> TASK
Look through the data below and extract, unchanged, the lines from the one that contains "have [X_ge1 Y_ge1]" to the one that contains "expected_capture_time (Kbip v w) theta (inl i)", both included.

> DATA FOR REVIEW

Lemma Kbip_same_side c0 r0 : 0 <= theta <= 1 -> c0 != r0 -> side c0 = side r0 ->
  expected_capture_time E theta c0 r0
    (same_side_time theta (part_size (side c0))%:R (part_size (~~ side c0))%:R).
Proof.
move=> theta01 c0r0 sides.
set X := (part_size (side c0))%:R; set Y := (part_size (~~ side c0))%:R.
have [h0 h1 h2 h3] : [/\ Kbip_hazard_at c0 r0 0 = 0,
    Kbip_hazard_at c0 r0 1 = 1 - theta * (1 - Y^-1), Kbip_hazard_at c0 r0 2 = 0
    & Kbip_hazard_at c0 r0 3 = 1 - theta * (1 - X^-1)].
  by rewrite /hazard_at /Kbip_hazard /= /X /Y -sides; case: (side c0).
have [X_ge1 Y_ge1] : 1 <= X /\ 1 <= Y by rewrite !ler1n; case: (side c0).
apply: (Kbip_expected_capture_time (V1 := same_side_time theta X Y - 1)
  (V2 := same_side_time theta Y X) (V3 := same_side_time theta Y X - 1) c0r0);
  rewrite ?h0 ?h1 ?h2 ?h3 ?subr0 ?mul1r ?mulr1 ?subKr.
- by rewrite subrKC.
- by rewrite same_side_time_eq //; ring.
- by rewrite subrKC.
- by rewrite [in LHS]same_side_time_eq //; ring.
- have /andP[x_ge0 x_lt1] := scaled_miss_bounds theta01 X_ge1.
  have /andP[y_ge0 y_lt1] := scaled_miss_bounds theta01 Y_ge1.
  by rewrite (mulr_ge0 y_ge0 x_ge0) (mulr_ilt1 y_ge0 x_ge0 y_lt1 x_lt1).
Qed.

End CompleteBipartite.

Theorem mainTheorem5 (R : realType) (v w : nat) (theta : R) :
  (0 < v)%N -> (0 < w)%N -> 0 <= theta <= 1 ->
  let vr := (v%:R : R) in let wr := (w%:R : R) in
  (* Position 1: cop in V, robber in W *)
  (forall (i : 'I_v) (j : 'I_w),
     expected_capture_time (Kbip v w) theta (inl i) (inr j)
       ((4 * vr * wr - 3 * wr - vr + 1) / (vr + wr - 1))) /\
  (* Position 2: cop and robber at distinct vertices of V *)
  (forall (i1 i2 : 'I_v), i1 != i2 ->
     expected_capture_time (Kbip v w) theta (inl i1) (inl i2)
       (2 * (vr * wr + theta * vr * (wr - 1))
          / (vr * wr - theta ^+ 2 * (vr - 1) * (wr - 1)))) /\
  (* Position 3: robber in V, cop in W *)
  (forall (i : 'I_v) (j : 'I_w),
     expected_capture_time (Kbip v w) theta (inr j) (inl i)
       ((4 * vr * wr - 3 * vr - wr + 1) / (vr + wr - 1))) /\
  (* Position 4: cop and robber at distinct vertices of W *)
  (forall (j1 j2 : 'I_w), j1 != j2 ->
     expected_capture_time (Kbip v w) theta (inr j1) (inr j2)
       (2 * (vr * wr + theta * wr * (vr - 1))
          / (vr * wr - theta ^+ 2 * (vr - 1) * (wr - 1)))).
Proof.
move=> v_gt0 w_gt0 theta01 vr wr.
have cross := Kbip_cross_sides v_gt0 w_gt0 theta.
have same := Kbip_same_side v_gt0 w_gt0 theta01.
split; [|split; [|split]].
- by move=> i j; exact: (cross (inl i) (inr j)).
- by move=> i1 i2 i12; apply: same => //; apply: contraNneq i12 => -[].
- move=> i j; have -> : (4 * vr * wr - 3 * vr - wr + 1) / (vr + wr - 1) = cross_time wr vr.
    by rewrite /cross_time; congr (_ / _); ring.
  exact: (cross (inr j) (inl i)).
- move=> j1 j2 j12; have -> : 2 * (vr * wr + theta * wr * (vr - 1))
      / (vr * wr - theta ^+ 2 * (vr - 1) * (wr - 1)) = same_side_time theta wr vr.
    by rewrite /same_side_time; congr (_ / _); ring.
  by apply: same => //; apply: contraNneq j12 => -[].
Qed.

> WRITTEN RESPONSE
have [X_ge1 Y_ge1] : 1 <= X /\ 1 <= Y by rewrite !ler1n; case: (side c0).
apply: (Kbip_expected_capture_time (V1 := same_side_time theta X Y - 1)
  (V2 := same_side_time theta Y X) (V3 := same_side_time theta Y X - 1) c0r0);
  rewrite ?h0 ?h1 ?h2 ?h3 ?subr0 ?mul1r ?mulr1 ?subKr.
- by rewrite subrKC.
- by rewrite same_side_time_eq //; ring.
- by rewrite subrKC.
- by rewrite [in LHS]same_side_time_eq //; ring.
- have /andP[x_ge0 x_lt1] := scaled_miss_bounds theta01 X_ge1.
  have /andP[y_ge0 y_lt1] := scaled_miss_bounds theta01 Y_ge1.
  by rewrite (mulr_ge0 y_ge0 x_ge0) (mulr_ilt1 y_ge0 x_ge0 y_lt1 x_lt1).
Qed.

End CompleteBipartite.

Theorem mainTheorem5 (R : realType) (v w : nat) (theta : R) :
  (0 < v)%N -> (0 < w)%N -> 0 <= theta <= 1 ->
  let vr := (v%:R : R) in let wr := (w%:R : R) in
  (* Position 1: cop in V, robber in W *)
  (forall (i : 'I_v) (j : 'I_w),
     expected_capture_time (Kbip v w) theta (inl i) (inr j)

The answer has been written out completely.